State v. Buckley

325 N.W.2d 169, 1982 N.D. LEXIS 336
CourtNorth Dakota Supreme Court
DecidedOctober 20, 1982
DocketCr. 827
StatusPublished
Cited by24 cases

This text of 325 N.W.2d 169 (State v. Buckley) is published on Counsel Stack Legal Research, covering North Dakota Supreme Court primary law. Counsel Stack provides free access to over 12 million legal documents including statutes, case law, regulations, and constitutions.

Bluebook
State v. Buckley, 325 N.W.2d 169, 1982 N.D. LEXIS 336 (N.D. 1982).

Opinion

SAND, Justice.

The defendant, Gary Buckley, appealed from a judgment of conviction and the resulting sentence for the offense of gross sexual imposition, a violation of North Dakota Century Code § 12.1-20-03, a class B felony.

Buckley admitted that he had sexual intercourse with the victim in her apartment on 26 June 1981; however, he testified and asserted that the intercourse was consensu *170 al, which was contrary to the assertion of the victim.

The victim’s testimony, in substance, established that Buckley threatened and attacked her and dragged her into her bedroom and raped her. The scratches on her body and reddening of her face, according to the victim’s testimony, occurred when Buckley dragged her into the bedroom.

Buckley’s testimony, in substance, established that he and the victim were in her apartment and started kissing each other and then went into the victim’s bedroom and engaged in consensual sexual intercourse. According to Buckley’s testimony, the marks on the victim were caused when he told the victim that he was going to inform his “wife” 1 that he and the victim had engaged in sexual relations, after which the victim “went beserk” and had to be physically restrained by him.

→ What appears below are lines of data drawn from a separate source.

Theorem lemma4p1 (R : realType) (tau a eps : R) (v : R -> R -> R)
  (y z : R -> R) :
  0 < tau -> 0 < eps ->
  (forall t, t \in `[0, tau] ->
     forall x1 x2 : R, x1 <= x2 -> v t x2 <= v t x1) ->
  (forall gamma : R -> R, lip_on_0 tau gamma ->
     ae_deriv_ge_0 tau gamma (a - eps) ->
     noninc_on_0 tau (fun t => v t (gamma t))) ->
  lip_on_0 tau y -> lip_on_0 tau z ->
  y 0 = 0 -> z 0 = 0 ->
  ae_deriv_ge_0 tau y a -> ae_deriv_ge_0 tau z a ->
  forall t, t \in `[0, tau] ->
    (\int[@lebesgue_measure R]_(s in `[0%R, t]) (`|v s (y s) - v s (z s)|)%:E
      <= (2 * delta y z t)%:E * (vmax tau v - vmin tau v) * (eps^-1)%:E)%E.
Proof.
move=> tau_gt0 eps_gt0 v_ni_x v_ni_curve ly lz y0 z0 dy dz t tI.
have tau0 := ltW tau_gt0.
have ttau : t <= tau by move: tI; rewrite in_itv => /andP[].
have yz_le s : 0 <= s < t -> `|y s - z s| <= delta y z t.
  by apply: dist_le_delta ly lz _ ttau; rewrite y0 z0.
have [d_eq0|d_neq0] := eqVneq (delta y z t) 0.
  rewrite d_eq0 mulr0 !mul0e.
  rewrite (integral_dist_along_eq0 tau0 eps_gt0 v_ni_curve ly dy lz dz ttau) //.
  by move=> s /yz_le; rewrite d_eq0 normr_le0 subr_eq0 => /eqP.
apply: le_scaled_vmax_vmin => //.
- by rewrite mulr_gt0 // lt_def d_neq0 delta_ge0.
- by rewrite invr_gt0.
move=> M m v_bnd.
by have := integral_dist_along_le tau0 eps_gt0 v_ni_curve v_ni_x ly dy lz dz tI
  (delta_ge0 y z t) yz_le v_bnd.
Qed.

Buckley further testified that the victim also threatened to charge him with rape at that time.

A jury ultimately returned a verdict of guilty and Buckley was sentenced to four years in the state penitentiary. Buckley appealed to this court.

The only issue raised by Buckley was that he was denied his constitutional right to confrontation when the trial court refused to allow any inquiry as to the victim’s history of treatment for a mental condition.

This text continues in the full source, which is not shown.